Problem details: Set down exactly the lines in the records below that run from the line with "0 < j1 -> j1 < j2 -> j2 / j1 < s ->" to the line with "apply Rmult_lt_compat_l; lra.", inclusive, and nothing more.
Top of The records
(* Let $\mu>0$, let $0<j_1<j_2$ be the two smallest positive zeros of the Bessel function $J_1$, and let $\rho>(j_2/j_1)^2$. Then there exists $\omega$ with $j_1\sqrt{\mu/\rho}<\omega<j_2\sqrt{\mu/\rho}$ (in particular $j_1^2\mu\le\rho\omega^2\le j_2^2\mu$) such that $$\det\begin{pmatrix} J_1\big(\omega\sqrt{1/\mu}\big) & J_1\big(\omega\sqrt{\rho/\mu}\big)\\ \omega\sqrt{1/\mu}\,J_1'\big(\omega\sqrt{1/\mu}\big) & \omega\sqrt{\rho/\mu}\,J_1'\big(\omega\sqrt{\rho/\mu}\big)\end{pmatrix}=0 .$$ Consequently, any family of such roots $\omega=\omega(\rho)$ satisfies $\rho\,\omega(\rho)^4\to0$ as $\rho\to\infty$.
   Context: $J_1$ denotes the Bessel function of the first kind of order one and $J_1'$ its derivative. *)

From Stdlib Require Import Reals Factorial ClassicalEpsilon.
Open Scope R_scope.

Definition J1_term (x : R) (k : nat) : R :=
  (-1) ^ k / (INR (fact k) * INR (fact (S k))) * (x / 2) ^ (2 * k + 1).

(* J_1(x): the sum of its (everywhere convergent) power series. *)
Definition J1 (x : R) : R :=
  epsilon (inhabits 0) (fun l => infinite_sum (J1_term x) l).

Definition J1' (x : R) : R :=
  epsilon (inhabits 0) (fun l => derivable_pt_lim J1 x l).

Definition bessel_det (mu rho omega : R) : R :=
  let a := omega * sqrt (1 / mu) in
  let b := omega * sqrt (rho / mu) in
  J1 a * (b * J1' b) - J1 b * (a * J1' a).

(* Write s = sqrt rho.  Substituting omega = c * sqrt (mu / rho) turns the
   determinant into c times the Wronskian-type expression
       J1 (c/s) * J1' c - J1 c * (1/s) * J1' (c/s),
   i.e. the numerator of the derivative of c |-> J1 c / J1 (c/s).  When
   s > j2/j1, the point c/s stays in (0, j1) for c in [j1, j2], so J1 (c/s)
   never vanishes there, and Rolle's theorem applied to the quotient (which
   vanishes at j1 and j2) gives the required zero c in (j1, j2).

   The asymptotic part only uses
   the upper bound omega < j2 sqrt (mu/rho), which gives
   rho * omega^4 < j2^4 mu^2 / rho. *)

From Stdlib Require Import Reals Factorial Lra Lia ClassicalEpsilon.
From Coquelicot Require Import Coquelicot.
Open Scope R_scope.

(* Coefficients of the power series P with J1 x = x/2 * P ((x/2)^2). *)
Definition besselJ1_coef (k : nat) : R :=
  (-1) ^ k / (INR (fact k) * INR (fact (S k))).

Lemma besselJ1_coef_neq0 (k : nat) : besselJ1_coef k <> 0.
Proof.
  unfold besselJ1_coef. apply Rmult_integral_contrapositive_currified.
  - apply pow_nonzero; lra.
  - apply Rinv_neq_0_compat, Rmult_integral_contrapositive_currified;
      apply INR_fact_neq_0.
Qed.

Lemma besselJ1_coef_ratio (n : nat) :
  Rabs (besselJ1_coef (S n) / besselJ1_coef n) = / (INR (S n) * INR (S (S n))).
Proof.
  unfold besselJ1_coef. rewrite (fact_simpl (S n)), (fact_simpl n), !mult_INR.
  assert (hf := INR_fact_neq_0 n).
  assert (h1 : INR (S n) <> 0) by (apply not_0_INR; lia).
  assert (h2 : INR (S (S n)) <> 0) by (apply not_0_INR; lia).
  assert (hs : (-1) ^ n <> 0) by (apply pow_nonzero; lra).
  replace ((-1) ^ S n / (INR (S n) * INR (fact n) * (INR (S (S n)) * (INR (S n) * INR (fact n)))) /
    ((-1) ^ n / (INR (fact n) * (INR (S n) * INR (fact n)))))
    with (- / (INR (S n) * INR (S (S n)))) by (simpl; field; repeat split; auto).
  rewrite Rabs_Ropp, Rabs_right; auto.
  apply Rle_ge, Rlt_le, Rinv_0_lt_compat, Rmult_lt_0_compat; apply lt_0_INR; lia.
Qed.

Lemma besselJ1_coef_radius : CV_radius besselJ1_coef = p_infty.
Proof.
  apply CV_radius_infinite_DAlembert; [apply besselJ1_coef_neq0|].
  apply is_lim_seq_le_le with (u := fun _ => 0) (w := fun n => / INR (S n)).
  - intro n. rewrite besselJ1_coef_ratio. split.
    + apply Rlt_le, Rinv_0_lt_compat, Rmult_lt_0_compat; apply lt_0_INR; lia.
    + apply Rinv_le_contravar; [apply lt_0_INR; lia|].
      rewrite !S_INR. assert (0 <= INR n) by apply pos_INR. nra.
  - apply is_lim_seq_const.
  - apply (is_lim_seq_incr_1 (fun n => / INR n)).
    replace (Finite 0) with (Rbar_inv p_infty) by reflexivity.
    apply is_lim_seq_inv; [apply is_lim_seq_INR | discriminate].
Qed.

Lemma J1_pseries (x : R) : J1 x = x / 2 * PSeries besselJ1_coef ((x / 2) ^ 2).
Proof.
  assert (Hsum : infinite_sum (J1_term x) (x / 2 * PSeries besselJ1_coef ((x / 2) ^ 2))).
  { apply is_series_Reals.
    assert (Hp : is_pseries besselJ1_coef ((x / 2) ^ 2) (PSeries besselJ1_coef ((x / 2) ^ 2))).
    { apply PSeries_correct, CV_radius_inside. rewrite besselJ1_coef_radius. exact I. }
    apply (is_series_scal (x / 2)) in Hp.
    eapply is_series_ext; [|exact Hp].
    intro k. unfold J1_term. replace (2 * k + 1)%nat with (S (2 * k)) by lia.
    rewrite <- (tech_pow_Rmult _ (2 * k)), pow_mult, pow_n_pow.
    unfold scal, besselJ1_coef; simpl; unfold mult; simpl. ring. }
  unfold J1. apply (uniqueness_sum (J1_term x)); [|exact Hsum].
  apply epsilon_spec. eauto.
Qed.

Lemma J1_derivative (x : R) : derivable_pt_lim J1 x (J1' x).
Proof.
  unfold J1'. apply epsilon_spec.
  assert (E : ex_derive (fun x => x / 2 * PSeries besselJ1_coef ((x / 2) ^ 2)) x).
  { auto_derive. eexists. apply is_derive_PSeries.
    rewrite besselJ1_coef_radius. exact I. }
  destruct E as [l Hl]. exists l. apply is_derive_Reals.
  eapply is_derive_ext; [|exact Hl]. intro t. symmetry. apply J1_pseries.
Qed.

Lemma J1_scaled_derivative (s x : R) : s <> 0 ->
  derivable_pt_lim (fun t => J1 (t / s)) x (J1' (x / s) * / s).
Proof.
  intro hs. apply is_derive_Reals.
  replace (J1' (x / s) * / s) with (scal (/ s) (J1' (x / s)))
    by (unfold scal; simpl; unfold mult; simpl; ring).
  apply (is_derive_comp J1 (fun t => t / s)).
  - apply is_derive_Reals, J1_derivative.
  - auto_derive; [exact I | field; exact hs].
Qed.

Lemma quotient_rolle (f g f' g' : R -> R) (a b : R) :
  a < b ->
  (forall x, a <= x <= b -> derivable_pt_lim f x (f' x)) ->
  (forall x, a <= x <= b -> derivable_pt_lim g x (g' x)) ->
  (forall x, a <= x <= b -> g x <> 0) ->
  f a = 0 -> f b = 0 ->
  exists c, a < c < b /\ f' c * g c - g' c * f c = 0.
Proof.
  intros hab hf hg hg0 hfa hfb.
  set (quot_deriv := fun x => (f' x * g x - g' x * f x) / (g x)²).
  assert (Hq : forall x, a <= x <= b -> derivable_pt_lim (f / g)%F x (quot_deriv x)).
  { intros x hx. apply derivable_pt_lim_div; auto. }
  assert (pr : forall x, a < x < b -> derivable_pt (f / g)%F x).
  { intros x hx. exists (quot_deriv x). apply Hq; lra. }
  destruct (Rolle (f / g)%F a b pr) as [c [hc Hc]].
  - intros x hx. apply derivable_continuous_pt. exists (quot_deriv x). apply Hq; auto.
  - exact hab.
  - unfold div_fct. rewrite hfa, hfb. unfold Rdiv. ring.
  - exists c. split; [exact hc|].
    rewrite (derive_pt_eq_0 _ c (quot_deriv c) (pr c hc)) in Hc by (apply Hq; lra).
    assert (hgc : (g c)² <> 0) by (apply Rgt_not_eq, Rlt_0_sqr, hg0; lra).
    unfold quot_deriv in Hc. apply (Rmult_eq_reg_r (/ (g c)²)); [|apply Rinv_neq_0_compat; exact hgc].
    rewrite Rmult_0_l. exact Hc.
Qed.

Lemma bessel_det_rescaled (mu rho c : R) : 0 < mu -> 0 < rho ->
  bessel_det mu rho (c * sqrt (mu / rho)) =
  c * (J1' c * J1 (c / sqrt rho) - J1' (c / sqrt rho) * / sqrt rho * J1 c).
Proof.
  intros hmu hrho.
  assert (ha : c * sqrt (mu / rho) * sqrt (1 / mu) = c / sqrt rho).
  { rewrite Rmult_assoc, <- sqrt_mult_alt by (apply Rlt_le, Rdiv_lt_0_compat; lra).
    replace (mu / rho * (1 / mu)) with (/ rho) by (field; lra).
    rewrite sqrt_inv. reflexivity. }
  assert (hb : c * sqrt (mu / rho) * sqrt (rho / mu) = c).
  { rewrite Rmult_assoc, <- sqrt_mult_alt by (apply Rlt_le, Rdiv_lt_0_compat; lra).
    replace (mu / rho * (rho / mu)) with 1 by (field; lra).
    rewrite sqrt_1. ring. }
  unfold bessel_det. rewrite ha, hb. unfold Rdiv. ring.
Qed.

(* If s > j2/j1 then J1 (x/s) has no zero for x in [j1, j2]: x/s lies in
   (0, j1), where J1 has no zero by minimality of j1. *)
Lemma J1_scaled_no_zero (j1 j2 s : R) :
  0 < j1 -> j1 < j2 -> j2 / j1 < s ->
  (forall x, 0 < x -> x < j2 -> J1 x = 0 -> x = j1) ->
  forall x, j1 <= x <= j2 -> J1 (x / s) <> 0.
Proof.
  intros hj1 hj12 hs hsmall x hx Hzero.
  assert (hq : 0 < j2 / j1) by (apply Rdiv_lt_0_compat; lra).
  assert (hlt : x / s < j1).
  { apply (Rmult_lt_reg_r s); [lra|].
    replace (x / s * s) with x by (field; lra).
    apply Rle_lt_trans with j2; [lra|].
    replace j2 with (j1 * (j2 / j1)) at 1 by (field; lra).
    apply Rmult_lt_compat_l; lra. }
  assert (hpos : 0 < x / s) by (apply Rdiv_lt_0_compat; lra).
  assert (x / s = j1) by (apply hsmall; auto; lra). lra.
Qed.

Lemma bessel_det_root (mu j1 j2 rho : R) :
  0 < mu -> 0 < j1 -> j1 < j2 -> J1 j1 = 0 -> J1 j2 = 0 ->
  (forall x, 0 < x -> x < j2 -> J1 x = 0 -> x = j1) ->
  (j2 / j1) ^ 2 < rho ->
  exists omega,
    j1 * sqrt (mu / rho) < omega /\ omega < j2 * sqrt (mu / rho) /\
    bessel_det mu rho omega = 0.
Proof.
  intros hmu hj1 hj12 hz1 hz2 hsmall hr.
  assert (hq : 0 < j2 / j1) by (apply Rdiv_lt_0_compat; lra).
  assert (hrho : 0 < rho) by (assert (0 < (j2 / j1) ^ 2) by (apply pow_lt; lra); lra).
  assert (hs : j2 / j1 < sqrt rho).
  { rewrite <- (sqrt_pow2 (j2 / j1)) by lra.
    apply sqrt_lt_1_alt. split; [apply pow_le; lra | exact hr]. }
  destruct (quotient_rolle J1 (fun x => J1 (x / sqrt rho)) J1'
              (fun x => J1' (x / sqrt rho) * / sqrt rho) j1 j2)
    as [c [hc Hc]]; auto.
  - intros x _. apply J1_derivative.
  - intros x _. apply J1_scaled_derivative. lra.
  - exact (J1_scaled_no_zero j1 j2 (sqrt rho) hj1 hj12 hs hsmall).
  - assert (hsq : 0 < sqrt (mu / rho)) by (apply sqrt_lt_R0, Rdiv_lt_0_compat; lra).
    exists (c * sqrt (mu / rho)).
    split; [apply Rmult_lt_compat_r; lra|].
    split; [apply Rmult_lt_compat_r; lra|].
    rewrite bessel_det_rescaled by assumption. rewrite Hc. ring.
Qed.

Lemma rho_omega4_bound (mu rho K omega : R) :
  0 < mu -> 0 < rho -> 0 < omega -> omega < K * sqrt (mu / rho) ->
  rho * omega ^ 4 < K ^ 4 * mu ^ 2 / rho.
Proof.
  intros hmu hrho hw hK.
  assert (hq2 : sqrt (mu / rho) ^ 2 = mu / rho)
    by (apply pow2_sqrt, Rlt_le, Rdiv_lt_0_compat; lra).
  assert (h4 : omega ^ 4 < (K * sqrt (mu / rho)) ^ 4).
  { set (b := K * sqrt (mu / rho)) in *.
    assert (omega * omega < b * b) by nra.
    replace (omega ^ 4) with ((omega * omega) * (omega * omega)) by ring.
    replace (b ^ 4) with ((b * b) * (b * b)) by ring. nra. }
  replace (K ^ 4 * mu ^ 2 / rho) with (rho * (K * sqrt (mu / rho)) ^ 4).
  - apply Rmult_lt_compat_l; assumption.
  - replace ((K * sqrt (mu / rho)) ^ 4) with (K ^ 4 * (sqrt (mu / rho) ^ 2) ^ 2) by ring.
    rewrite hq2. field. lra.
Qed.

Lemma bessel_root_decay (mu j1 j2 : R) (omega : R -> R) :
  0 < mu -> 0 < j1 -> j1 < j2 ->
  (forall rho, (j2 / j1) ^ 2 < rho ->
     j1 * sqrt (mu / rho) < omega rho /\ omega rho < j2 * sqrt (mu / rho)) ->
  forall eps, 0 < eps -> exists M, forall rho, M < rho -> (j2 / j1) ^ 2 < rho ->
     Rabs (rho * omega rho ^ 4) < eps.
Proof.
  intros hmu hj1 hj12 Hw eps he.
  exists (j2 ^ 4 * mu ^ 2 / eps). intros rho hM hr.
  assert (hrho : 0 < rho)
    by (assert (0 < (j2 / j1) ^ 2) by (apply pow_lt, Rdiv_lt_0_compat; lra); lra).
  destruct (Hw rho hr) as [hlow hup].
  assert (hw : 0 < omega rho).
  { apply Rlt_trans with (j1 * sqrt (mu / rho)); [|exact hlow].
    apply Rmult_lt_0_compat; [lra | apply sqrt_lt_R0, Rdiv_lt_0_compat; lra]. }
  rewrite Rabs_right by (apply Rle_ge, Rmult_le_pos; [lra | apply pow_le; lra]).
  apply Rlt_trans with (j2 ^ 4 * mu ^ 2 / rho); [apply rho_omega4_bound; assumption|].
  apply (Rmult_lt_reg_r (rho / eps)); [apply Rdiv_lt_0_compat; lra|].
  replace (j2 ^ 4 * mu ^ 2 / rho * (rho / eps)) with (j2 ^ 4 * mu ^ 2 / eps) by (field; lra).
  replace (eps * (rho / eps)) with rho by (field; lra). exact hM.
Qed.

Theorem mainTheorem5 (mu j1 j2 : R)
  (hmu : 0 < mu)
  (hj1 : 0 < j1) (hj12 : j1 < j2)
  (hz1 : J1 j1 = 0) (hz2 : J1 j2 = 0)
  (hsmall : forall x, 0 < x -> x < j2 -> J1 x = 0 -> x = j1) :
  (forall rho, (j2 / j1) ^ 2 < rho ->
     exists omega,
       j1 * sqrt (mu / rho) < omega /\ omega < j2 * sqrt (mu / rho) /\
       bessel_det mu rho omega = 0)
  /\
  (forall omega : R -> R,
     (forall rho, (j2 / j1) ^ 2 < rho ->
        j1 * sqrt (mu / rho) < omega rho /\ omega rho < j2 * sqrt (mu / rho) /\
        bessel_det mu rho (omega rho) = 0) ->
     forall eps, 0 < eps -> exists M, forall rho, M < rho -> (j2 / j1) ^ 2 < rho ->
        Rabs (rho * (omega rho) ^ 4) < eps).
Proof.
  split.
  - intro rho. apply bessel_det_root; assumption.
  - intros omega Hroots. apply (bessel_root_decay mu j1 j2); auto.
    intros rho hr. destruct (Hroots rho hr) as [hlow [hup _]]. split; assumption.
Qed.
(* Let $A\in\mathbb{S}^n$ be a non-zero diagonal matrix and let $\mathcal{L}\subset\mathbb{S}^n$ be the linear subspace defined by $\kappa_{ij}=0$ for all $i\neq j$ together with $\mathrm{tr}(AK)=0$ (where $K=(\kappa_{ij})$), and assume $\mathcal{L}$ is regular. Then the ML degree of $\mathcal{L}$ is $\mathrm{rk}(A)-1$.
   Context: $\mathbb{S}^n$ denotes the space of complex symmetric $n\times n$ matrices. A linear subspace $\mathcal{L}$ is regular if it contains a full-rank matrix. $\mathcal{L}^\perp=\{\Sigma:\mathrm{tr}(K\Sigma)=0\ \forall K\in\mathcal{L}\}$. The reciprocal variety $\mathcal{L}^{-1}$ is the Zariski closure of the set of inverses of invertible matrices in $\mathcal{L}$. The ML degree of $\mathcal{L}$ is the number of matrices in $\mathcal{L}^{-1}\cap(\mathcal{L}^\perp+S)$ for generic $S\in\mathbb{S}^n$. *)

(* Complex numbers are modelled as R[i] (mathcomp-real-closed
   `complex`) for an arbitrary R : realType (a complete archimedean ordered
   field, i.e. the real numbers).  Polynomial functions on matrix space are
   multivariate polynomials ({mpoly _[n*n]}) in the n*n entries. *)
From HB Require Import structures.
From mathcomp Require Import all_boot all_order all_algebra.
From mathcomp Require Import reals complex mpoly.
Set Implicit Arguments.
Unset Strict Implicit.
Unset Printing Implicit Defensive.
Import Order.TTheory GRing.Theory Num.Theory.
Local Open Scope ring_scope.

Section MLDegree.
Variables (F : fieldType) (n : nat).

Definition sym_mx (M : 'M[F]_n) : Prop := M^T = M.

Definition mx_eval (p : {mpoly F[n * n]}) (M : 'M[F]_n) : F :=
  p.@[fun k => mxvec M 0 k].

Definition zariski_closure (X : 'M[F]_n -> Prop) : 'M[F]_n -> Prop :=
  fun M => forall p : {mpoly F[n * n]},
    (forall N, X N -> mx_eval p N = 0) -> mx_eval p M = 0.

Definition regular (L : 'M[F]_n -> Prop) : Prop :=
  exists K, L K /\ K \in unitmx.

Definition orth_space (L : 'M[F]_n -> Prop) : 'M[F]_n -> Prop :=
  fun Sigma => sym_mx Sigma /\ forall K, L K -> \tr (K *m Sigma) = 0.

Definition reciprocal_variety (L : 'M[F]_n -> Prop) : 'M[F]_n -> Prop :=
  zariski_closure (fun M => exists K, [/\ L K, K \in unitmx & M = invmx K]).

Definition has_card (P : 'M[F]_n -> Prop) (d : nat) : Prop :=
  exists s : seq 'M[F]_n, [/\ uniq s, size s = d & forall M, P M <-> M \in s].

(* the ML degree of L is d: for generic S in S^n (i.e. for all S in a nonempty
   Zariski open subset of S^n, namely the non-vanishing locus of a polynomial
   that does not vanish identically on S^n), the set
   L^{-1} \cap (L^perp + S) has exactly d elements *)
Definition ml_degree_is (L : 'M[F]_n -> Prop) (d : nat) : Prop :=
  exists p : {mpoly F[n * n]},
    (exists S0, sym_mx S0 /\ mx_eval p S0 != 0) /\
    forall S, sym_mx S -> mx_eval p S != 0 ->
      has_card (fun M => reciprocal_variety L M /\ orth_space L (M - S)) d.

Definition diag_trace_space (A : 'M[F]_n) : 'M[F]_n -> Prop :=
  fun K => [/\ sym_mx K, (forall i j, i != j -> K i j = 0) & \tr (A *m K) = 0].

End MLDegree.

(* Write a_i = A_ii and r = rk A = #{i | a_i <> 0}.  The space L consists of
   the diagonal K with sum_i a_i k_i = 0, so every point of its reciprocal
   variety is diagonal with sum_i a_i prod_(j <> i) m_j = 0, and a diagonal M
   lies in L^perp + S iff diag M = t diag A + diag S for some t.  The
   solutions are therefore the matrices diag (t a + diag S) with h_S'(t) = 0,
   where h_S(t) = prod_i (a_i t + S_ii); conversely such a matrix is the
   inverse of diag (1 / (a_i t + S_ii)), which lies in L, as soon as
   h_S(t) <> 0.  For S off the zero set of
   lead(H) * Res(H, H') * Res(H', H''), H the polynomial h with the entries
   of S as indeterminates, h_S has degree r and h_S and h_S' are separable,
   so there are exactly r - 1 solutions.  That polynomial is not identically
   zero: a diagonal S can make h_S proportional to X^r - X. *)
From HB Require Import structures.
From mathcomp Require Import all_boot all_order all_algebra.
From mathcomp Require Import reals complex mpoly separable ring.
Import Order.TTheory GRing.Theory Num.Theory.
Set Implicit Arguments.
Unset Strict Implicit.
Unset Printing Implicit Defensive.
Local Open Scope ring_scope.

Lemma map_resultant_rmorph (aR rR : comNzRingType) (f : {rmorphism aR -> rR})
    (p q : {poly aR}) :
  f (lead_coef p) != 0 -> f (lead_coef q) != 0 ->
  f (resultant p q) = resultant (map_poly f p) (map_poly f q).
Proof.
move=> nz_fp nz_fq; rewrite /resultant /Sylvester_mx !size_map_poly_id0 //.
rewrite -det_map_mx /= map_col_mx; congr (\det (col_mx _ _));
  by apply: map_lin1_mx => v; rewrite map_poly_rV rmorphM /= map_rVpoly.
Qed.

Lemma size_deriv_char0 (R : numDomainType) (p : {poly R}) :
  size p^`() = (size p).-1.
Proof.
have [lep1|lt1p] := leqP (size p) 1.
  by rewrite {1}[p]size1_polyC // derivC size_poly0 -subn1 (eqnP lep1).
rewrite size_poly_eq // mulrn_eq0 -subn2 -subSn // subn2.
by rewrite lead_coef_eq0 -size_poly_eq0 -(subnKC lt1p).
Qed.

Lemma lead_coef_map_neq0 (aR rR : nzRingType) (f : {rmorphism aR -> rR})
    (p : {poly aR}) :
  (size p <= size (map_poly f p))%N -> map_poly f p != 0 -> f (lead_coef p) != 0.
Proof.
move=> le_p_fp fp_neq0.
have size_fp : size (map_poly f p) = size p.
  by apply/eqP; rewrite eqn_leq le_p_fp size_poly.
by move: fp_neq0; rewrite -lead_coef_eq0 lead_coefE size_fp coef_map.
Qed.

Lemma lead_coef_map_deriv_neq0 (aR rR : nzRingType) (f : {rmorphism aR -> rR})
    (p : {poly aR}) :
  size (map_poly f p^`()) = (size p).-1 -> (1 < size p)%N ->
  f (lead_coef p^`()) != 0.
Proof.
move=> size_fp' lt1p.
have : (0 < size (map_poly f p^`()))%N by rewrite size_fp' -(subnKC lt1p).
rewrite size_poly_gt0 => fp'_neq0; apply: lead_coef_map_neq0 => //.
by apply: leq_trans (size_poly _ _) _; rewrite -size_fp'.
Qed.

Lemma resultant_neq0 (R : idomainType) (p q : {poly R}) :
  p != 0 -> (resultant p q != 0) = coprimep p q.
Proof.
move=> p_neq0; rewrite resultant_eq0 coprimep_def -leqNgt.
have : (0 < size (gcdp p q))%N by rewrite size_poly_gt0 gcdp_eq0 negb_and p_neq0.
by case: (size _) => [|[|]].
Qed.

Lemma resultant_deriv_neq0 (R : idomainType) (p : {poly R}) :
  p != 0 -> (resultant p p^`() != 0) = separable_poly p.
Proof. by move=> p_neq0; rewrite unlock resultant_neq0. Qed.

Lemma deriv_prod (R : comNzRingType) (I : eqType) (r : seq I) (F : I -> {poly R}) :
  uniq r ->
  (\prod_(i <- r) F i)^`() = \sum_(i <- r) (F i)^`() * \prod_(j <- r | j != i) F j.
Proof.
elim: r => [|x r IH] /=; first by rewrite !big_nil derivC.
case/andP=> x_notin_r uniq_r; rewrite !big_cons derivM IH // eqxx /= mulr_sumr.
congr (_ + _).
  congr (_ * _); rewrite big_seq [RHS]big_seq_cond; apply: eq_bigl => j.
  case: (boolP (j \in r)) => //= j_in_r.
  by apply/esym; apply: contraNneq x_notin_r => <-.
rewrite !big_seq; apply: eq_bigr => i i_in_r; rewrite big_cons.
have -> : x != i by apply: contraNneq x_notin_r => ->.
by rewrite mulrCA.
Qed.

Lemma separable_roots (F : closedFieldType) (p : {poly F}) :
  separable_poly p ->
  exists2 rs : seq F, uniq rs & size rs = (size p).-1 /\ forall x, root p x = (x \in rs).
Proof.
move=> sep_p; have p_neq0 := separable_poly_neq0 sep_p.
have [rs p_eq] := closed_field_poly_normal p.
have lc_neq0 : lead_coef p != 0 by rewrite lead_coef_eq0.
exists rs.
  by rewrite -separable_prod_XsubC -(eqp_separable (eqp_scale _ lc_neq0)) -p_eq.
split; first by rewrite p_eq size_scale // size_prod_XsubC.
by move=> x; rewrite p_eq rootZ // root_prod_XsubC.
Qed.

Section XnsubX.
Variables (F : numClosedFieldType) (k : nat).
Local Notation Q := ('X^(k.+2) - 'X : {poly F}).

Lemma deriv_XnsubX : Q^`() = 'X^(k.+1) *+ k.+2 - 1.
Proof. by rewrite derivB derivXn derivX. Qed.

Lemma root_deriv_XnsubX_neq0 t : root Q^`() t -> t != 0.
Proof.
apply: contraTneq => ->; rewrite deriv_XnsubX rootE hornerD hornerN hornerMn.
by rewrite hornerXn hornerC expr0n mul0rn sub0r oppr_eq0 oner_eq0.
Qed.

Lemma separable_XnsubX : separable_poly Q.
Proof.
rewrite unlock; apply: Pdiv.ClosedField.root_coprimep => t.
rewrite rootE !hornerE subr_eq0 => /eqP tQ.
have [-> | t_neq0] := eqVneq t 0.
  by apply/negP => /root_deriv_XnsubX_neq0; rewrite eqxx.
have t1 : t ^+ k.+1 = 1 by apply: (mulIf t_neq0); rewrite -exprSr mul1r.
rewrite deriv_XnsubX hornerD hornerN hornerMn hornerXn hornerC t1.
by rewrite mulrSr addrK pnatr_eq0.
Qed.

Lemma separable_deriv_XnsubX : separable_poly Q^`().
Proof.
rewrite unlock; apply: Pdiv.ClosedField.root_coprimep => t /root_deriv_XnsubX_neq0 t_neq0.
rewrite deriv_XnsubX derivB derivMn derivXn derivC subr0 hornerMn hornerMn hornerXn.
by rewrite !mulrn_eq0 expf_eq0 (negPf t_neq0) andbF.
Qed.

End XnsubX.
Bottom of The records
Solution to this exercise:
  0 < j1 -> j1 < j2 -> j2 / j1 < s ->
  (forall x, 0 < x -> x < j2 -> J1 x = 0 -> x = j1) ->
  forall x, j1 <= x <= j2 -> J1 (x / s) <> 0.
Proof.
  intros hj1 hj12 hs hsmall x hx Hzero.
  assert (hq : 0 < j2 / j1) by (apply Rdiv_lt_0_compat; lra).
  assert (hlt : x / s < j1).
  { apply (Rmult_lt_reg_r s); [lra|].
    replace (x / s * s) with x by (field; lra).
    apply Rle_lt_trans with j2; [lra|].
    replace j2 with (j1 * (j2 / j1)) at 1 by (field; lra).
    apply Rmult_lt_compat_l; lra. }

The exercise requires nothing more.